Banners in Newmarket, Ont., (right) include a photo of a field of poppies.
Milton Wesley Branch, Newmarket, Ont.

Each banner has a photo of a veteran, which is supplied by the sponsor, along with the units and dates of service, followed by the name of the sponsor. Some banners include the veteran’s rank.

For most banners, a graphic of the Maple Leaf and Union Jack flags appears at the top. The Union Jack was added because most of the veterans “would not have fought under the Canadian flag as we know it today,” said Zwicker.

Towns and businesses often assist the branches with the installation of the banners, using hydro poles and taking care of the paperwork associated with the program.

Milton Wesley Branch in Newmarket, Ont., began its banner program in 2017, said Crystal Cook, the branch’s banner co-ordinator. “The response from the public and the community has been overwhelming. We sold 28 [banners] the first year, and three more have come forward since Remembrance Day.”
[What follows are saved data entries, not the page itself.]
(* For every even $n\ge2$ and every alphabet $\Sigma$, $\mathsf{sumPI}(\mathrm{Col})\le2$.
   Context: The collision problem $\mathrm{Col}$ is the partial function on $S\subseteq\Sigma^n$ where $S$ consists of the positive inputs, $x=x_1\cdots x_n$ with all $x_i$ distinct ($\mathrm{Col}(x)=1$), and the negative inputs, $x$ such that for each $i$ there is exactly one $j\neq i$ with $x_i=x_j$ ($\mathrm{Col}(x)=0$). For $f:S\to\{0,1\}$, $S\subseteq\Sigma^n$, with $p=\{p_x:x\in S\}$ ranging over families of probability distributions on $[n]$, $$\mathsf{sumPI}(f)=\min_{p}\ \max_{x,y\in S:\ f(x)\neq f(y)} \frac{1}{\sum_{i:\,x_i\neq y_i}\sqrt{p_x(i)p_y(i)}}.$$ *)

From mathcomp Require Import all_boot all_order all_algebra.
From mathcomp Require Import all_classical all_reals ereal.
Set Implicit Arguments. Unset Strict Implicit. Unset Printing Implicit Defensive.
Import Order.TTheory GRing.Theory Num.Theory.
Local Open Scope ring_scope.
Local Open Scope classical_set_scope.

Definition col_pos (Sigma : eqType) (n : nat) (x : 'I_n -> Sigma) : Prop :=
  forall i j : 'I_n, x i = x j -> i = j.

Definition col_neg (Sigma : eqType) (n : nat) (x : 'I_n -> Sigma) : Prop :=
  forall i : 'I_n, exists! j : 'I_n, j <> i /\ x i = x j.

(* Domain S of the partial function Col. *)
Definition col_dom (Sigma : eqType) (n : nat) (x : 'I_n -> Sigma) : Prop :=
  col_pos x \/ col_neg x.

(* Col x = 1 (true) on positive inputs, 0 (false) on negative ones. *)
Definition Col (Sigma : eqType) (n : nat) (x : 'I_n -> Sigma) : bool :=
  [forall i : 'I_n, [forall j : 'I_n, (x i == x j) ==> (i == j)]].

Definition is_distr (R : realType) (n : nat) (q : 'I_n -> R) : Prop :=
  (forall i, 0 <= q i) /\ \sum_(i < n) q i = 1.

Definition inv_bar (R : realType) (s : R) : \bar R :=
  if s == 0 then +oo%E else (s^-1)%:E.

Definition sumPI_obj (R : realType) (Sigma : eqType) (n : nat)
    (S : ('I_n -> Sigma) -> Prop) (f : ('I_n -> Sigma) -> bool)
    (p : ('I_n -> Sigma) -> 'I_n -> R) : \bar R :=
  ereal_sup [set v | exists x y, [/\ S x, S y, f x != f y &
     v = inv_bar (\sum_(i < n | x i != y i) Num.sqrt (p x i * p y i))]].

Definition sumPI (R : realType) (Sigma : eqType) (n : nat)
    (S : ('I_n -> Sigma) -> Prop) (f : ('I_n -> Sigma) -> bool) : \bar R :=
  ereal_inf [set sumPI_obj S f p | p in
     [set p : ('I_n -> Sigma) -> 'I_n -> R | forall x, S x -> is_distr (p x)]].

From mathcomp Require Import all_boot all_order all_algebra.
From mathcomp Require Import all_classical all_reals ereal.
Set Implicit Arguments. Unset Strict Implicit. Unset Printing Implicit Defensive.
Import Order.TTheory GRing.Theory Num.Theory.
Local Open Scope ring_scope.

(** The uniform adversary [p_x = 1/n] certifies [sumPI <= n/k] as soon as any
    two inputs with different values differ in at least [k] positions.  For
    [Col], pairing every position of a negative input [y] with its collision
    partner is a fixed-point-free involution, and it maps each position where a
    positive input [x] agrees with [y] to one where they differ (otherwise [x]
    would repeat a letter).  Hence [x] and [y] differ in at least [n/2]
    positions, and [sumPI(Col) <= 2]. *)

Lemma card_le_double_compl (T : finType) (A : {set T}) (f : T -> T) :
  injective f -> {in A, forall i, f i \notin A} -> (#|T| <= #|~: A|.*2)%N.
Proof.
move=> f_inj fA; rewrite -(cardsC A) -addnn leq_add2r.
rewrite -(card_imset A f_inj); apply: subset_leq_card.
by apply/fintype.subsetP => _ /imsetP[i iA ->]; rewrite inE fA.
Qed.

Section CollisionPartner.

Variables (Sigma : eqType) (n : nat) (y : 'I_n -> Sigma).
Hypothesis y_neg : col_neg y.

Definition partner (i : 'I_n) : 'I_n :=
  odflt i [pick j | (j != i) && (y i == y j)].

Lemma partnerP i : partner i <> i /\ y i = y (partner i).
Proof.
rewrite /partner; case: pickP => [j /andP[/eqP ? /eqP ?] | none] //=.
have [j [[ji yij] _]] := y_neg i.
by have := none j; rewrite yij eqxx andbT => /eqP.
Qed.

Lemma partnerK : involutive partner.
Proof.
move=> i; have [j [_ uniq_j]] := y_neg (partner i).
have [pi_neq pi_eq] := partnerP i.
have [ppi_neq ppi_eq] := partnerP (partner i).
rewrite -(uniq_j _ (conj ppi_neq ppi_eq)); apply: uniq_j.
by split; [move=> /esym | rewrite pi_eq].
Qed.

End CollisionPartner.

Lemma col_pos_neg_diff (Sigma : eqType) (n : nat) (x y : 'I_n -> Sigma) :
  col_pos x -> col_neg y -> (n <= #|[pred i | x i != y i]|.*2)%N.
Proof.
move=> x_pos y_neg.
have -> : #|[pred i | x i != y i]| = #|~: [set i | x i == y i]|.
  by apply: eq_card => i; rewrite !inE.
rewrite -[X in (X <= _)%N]card_ord.
apply: card_le_double_compl (can_inj (partnerK y_neg)) _ => i.
rewrite !inE => /eqP xy_i; apply/eqP => xy_pi.
have [pi_neq pi_eq] := partnerP y_neg i.
by apply: pi_neq; apply: x_pos; rewrite xy_pi xy_i pi_eq.
Qed.

Lemma ColP (Sigma : eqType) (n : nat) (x : 'I_n -> Sigma) :
  reflect (col_pos x) (Col x).
Proof.
apply: (iffP forallP) => [h i j xij | x_pos i].
  by have /forallP/(_ j) := h i; rewrite xij eqxx => /eqP.
by apply/forallP => j; apply/implyP => /eqP/x_pos ->.
Qed.

Lemma col_dom_neg (Sigma : eqType) (n : nat) (x : 'I_n -> Sigma) :
  col_dom x -> ~~ Col x -> col_neg x.
Proof. by case=> // /ColP ->. Qed.

Lemma Col_diff (Sigma : eqType) (n : nat) (x y : 'I_n -> Sigma) :
  col_dom x -> col_dom y -> Col x != Col y ->
  (n <= #|[pred i | x i != y i]|.*2)%N.
Proof.
move=> dx dy; case Ex: (Col x); case Ey: (Col y) => // _.
  by apply: col_pos_neg_diff; [apply/ColP | apply: col_dom_neg; rewrite ?Ey].
rewrite (eq_card (_ : _ =i [pred i | y i != x i])); last first.
  by move=> i; rewrite !inE eq_sym.
by apply: col_pos_neg_diff; [apply/ColP | apply: col_dom_neg; rewrite ?Ex].
Qed.

Section UniformAdversary.

Variables (R : realType) (Sigma : eqType) (n : nat).
Variables (S : ('I_n -> Sigma) -> Prop) (f : ('I_n -> Sigma) -> bool).
Hypothesis n_gt0 : (0 < n)%N.

Definition uniform_adv (_ : 'I_n -> Sigma) (_ : 'I_n) : R := n%:R^-1.

Lemma uniform_adv_distr x : is_distr (uniform_adv x).
Proof.
split=> [i | ]; first by rewrite invr_ge0 ler0n.
by rewrite sumr_const card_ord -[_ *+ n]mulr_natr mulVf // pnatr_eq0 eqn0Ngt n_gt0.
Qed.

Lemma uniform_adv_pair x y (d := #|[pred i | x i != y i]|) : (0 < d)%N ->
  inv_bar (\sum_(i < n | x i != y i) Num.sqrt (uniform_adv x i * uniform_adv y i))
  = (n%:R / d%:R)%:E.
Proof.
move=> d_gt0.
have -> : \sum_(i < n | x i != y i) Num.sqrt (uniform_adv x i * uniform_adv y i)
    = d%:R / n%:R.
  rewrite (eq_bigr (fun _ => n%:R^-1)) => [|i _]; last first.
    by rewrite -expr2 sqrtr_sqr ger0_norm // invr_ge0 ler0n.
  by rewrite sumr_const mulr_natl.
rewrite /inv_bar mulf_eq0 invr_eq0 !pnatr_eq0 !eqn0Ngt d_gt0 n_gt0 /=.
by rewrite invf_div.
Qed.

Lemma sumPI_le_uniform (k : nat) : (0 < k)%N ->
  (forall x y, S x -> S y -> f x != f y -> (k <= #|[pred i | x i != y i]|)%N) ->
  (sumPI R S f <= (n%:R / k%:R : R)%:E)%E.
Proof.
move=> k_gt0 far.
apply: (@le_trans _ _ (sumPI_obj S f uniform_adv)).
  by apply: ereal_inf_lbound; exists uniform_adv => // x _; apply: uniform_adv_distr.
apply: ge_ereal_sup => _ [x [y [Sx Sy fxy ->]]].
have k_le := far x y Sx Sy fxy.
rewrite uniform_adv_pair ?(leq_trans k_gt0) // lee_fin.
by rewrite ler_pM2l ?ltr0n // lef_pV2 ?posrE ?ltr0n ?ler_nat ?(leq_trans k_gt0).
Qed.

End UniformAdversary.

Theorem mainTheorem18 (R : realType) (Sigma : eqType) (n : nat) :
  (2 <= n)%N -> ~~ odd n ->
  (@sumPI R Sigma n (@col_dom Sigma n) (@Col Sigma n) <= (2%:R)%:E)%E.
Proof.
move=> n_ge2 n_even.
have n_half : n = n./2.*2 by rewrite -[LHS]odd_double_half (negbTE n_even).
have half_gt0 : (0 < n./2)%N by rewrite -leq_double -n_half.
have n_gt0 : (0 < n)%N by rewrite (leq_trans _ n_ge2).
have far (x y : 'I_n -> Sigma) : col_dom x -> col_dom y -> Col x != Col y ->
    (n./2 <= #|[pred i | x i != y i]|)%N.
  by move=> dx dy /(Col_diff dx dy)/leqW; rewrite leq_half_double.
apply: le_trans (sumPI_le_uniform R n_gt0 half_gt0 far) _.
by rewrite {1}n_half -muln2 natrM mulrAC mulfV ?mul1r // pnatr_eq0 eqn0Ngt half_gt0.
Qed.
Lemma strongly_convex_onB D c f h :
  strongly_convex_on D c f -> affine h ->
  strongly_convex_on D c (fun z => f z - h z).
Proof.
move=> Hf Hh a b s Da Db s01; have [Dw Hw] := Hf a b s Da Db s01.
by split=> //; rewrite Hh; lra.
Qed.

Lemma strongly_convex_min_growth D c f x z :
  strongly_convex_on D c f -> D x -> (forall w, D w -> f x <= f w) -> D z ->
  f x + c * `|z - x| ^+ 2 <= f z.
Proof.
move=> Hf Dx xmin Dz.
suff : c * `|z - x| ^+ 2 <= f z - f x by lra.
apply: ler_of_forall_mul1B; first by rewrite subr_ge0 xmin.
move=> s /andP[s0 s1].
have s01 : 0 <= s <= 1 by rewrite !ltW.
have [Dw Hw] := Hf z x s Dz Dx s01.
have fxw := xmin _ Dw.
rewrite -(ler_pM2r s0).
have -> : c * `|z - x| ^+ 2 * (1 - s) * s = c * s * (1 - s) * `|z - x| ^+ 2.
  by ring.
lra.
Qed.

Lemma convex_on_avg D f (x : nat -> X) n :
  convex_on D f -> (forall k, D (x k)) ->
  D (avg x n) /\ n.+1%:R * f (avg x n) <= \sum_(k < n.+1) f (x k).
Proof.
move=> Hf Dx; elim: n => [|n [Dm IH]].
  by rewrite /avg !big_ord1 invr1 scale1r mul1r.
have n2_gt0 : 0 < n.+2%:R :> R by rewrite ltr0n.
pose s : R := n.+2%:R^-1.
have s01 : 0 <= s <= 1 by rewrite invr_ge0 ltW // invf_le1 // ler1n.
have ns : n.+2%:R * s = 1 by rewrite mulfV ?gt_eqF.
have n1s : n.+2%:R * (1 - s) = n.+1%:R by rewrite mulrBr ns mulr1 -natr1 addrK.
have avgS : avg x n.+1 = s *: x n.+1 + (1 - s) *: avg x n.
  rewrite /avg big_ord_recr /= scalerA scalerDr addrC; congr (_ + _ *: _).
  apply: (mulfI (lt0r_neq0 n2_gt0)); rewrite -/s ns mulrA n1s mulfV //.
have [Dw Hw] := Hf _ _ _ (Dx n.+1) Dm s01.
rewrite avgS; split=> //; rewrite big_ord_recr /=.
have := ler_wpM2l (ltW n2_gt0) Hw.
rewrite mulrDr !mulrA ns n1s mul1r; lra.
Qed.
Ltac add_upper_bounds :=
  repeat match goal with
  | F : fwd_e ?r ?a ?w, E : eval_e ?rho ?b ?v, L : eleq ?a ?b, Hr : mleq ?r ?rho |- _ =>
      lazymatch goal with
      | _ : vleq w v |- _ => fail
      | _ => have := fwd_e_leq_eval E Hr L F; move=> ?
      end
  end;
  invert_vleq;
  repeat match goal with
  | G : fwd_c ?r ?s ?N ?U ?s' ?Q, E : eval_c ?T ?rho ?mu ?M ?mu' ?R,
    LN : cleq ?N ?M, LU : tleq ?U ?T |- _ =>
      lazymatch goal with
      | _ : mleq s' mu' |- _ => fail
      (* explicit arguments: the [ltac:] bounds are solved before [G] could fix [r], [s] *)
      | _ => have [? [? ?]] := @fwd_c_leq_eval T rho mu M mu' R r s N U s' Q E
               ltac:(bound) ltac:(bound) LN LU G
      end
  end.

Ltac apply_meet_IH :=
  repeat match goal with
  | IH : forall a1 s1 N1 U1 s1' Q1 a2 s2 N2 U2 s2' Q2, mleq a1 _ -> _,
    G1 : fwd_c ?ra ?sa ?Na ?Ua ?sa' ?Qa, G2 : fwd_c ?rb ?sb ?Nb ?Ub ?sb' ?Qb |- _ =>
      lazymatch goal with
      | _ : fwd_c (mmeet ra rb) (mmeet sa sb) (cmeet Na Nb) (tmeet Ua Ub) _ _ |- _ => fail
      | _ => have := IH ra sa Na Ua sa' Qa rb sb Nb Ub sb' Qb ltac:(bound) ltac:(bound)
               ltac:(bound) ltac:(bound) ltac:(bound) ltac:(bound) ltac:(bound) ltac:(bound)
               G1 G2; move=> ?
      end
  end.

Ltac simplify_meets :=
  rewrite /= ?eqxx /= ?mmeet_upd ?vmeet_hole_r ?rmeet_pair /= ?eqxx;
  repeat match goal with
  | H : fwd_c (mmeet (upd _ _ _) (upd _ _ _)) _ _ _ _ _ |- _ =>
      move: H; rewrite !mmeet_upd /= ?eqxx /= => H
  | H : fwd_e _ _ (vmeet _ VHole) |- _ => rewrite vmeet_hole_r in H
  | H : fwd_e _ _ (vmeet (VClos _ _ _ _) (VClos _ _ _ _)) |- _ =>
      move: H; rewrite /= !eqxx /= => H
  | H : fwd_e _ _ (vmeet (VLoc _) (VLoc _)) |- _ => move: H; rewrite /= !eqxx /= => H
  end.

Lemma fwd_c_meet T rho mu M mu' R a1 s1 N1 U1 s1' Q1 a2 s2 N2 U2 s2' Q2 :
  eval_c T rho mu M mu' R ->
  mleq a1 rho -> mleq s1 mu -> cleq N1 M -> tleq U1 T ->
  mleq a2 rho -> mleq s2 mu -> cleq N2 M -> tleq U2 T ->
  fwd_c a1 s1 N1 U1 s1' Q1 -> fwd_c a2 s2 N2 U2 s2' Q2 ->
  fwd_c (mmeet a1 a2) (mmeet s1 s2) (cmeet N1 N2) (tmeet U1 U2) (mmeet s1' s2') (rmeet Q1 Q2).
Proof.
move=> E; elim: E a1 s1 N1 U1 s1' Q1 a2 s2 N2 U2 s2' Q2 => {T rho mu M mu' R};
  intros until Q2; move=> Ha1 Hs1 HN1 HU1 Ha2 Hs2 HN2 HU2 F1 F2.
all: invert_prefixes HU1 HU2 HN1 HN2 F1 F2.
all: add_expr_meets; add_upper_bounds; apply_meet_IH; simplify_meets.
all: solve [eauto using fwd_c | eapply F_Deref; eassumption].
Qed.

Theorem lemma4p4 (rho : env) (mu1 : store) (M : computation) (T : trace)
    (mu2 : store) (R : result) :
  map_holefree rho -> map_holefree mu1 -> comp_holefree M ->
  eval_c T rho mu1 M mu2 R ->
  forall (c c' : config),
    cfg_leq c (rho, mu1, M, T) -> cfg_leq c' (rho, mu1, M, T) ->
    forall (o o' : output), fwd c o -> fwd c' o' ->
      fwd (cfg_meet c c') (out_meet o o') /\
      (forall o'' : output, fwd (cfg_meet c c') o'' -> o'' = out_meet o o').
Proof.
move=> _ _ _ E [[[a1 s1] N1] U1] [[[a2 s2] N2] U2] [Ha1 [Hs1 [HN1 HU1]]] [Ha2 [Hs2 [HN2 HU2]]]
  [s1' Q1] [s2' Q2] /= F1 F2.
have F := fwd_c_meet E Ha1 Hs1 HN1 HU1 Ha2 Hs2 HN2 HU2 F1 F2.
by split=> // -[s Q] /= /(fwd_c_det F) [-> ->].
Qed.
Veterans from the First World War to Afghanistan appear on the banners, said Lancaster Branch President Larry Lynch, who has organized the project since 2015. Any veteran qualifies for a banner. “You don’t have to be deceased to be on a banner,” he added. “We also had RCMP officers: they’re veterans as well.

Banners in Newmarket, Ont., (right) include a photo of a field of poppies.
Milton Wesley Branch, Newmarket, Ont.

“The first year we put out a call, we ended up with 35 banners,” said Lynch. The project was so popular that a waiting list was needed. “So in 2016 we moved forward and added 58 banners…and in 2017 another 43 banners were added.”

The banners remain part of the program from two to five years, after which they are usually given as keepsakes to those who sponsored them. “If [the sponsors] want to have another one after that, we will start the process over again,” said Cook.

Town residents have been especially receptive to the project, said Cook. “People who didn’t normally frequent our main street were going down because they heard the banners were there.”

“Last year, [we had banners for] two citizens of Sackville who were captured on Christmas Day and became prisoners of war in the Second World War. We [also] had the brother of one of them on another banner,” said Zwicker. “These guys went to war…and then they came back and did a lot of things in their community. So there’s more than just their war service.

“I’d love to see the banner projects expand across the country,” said Zwicker.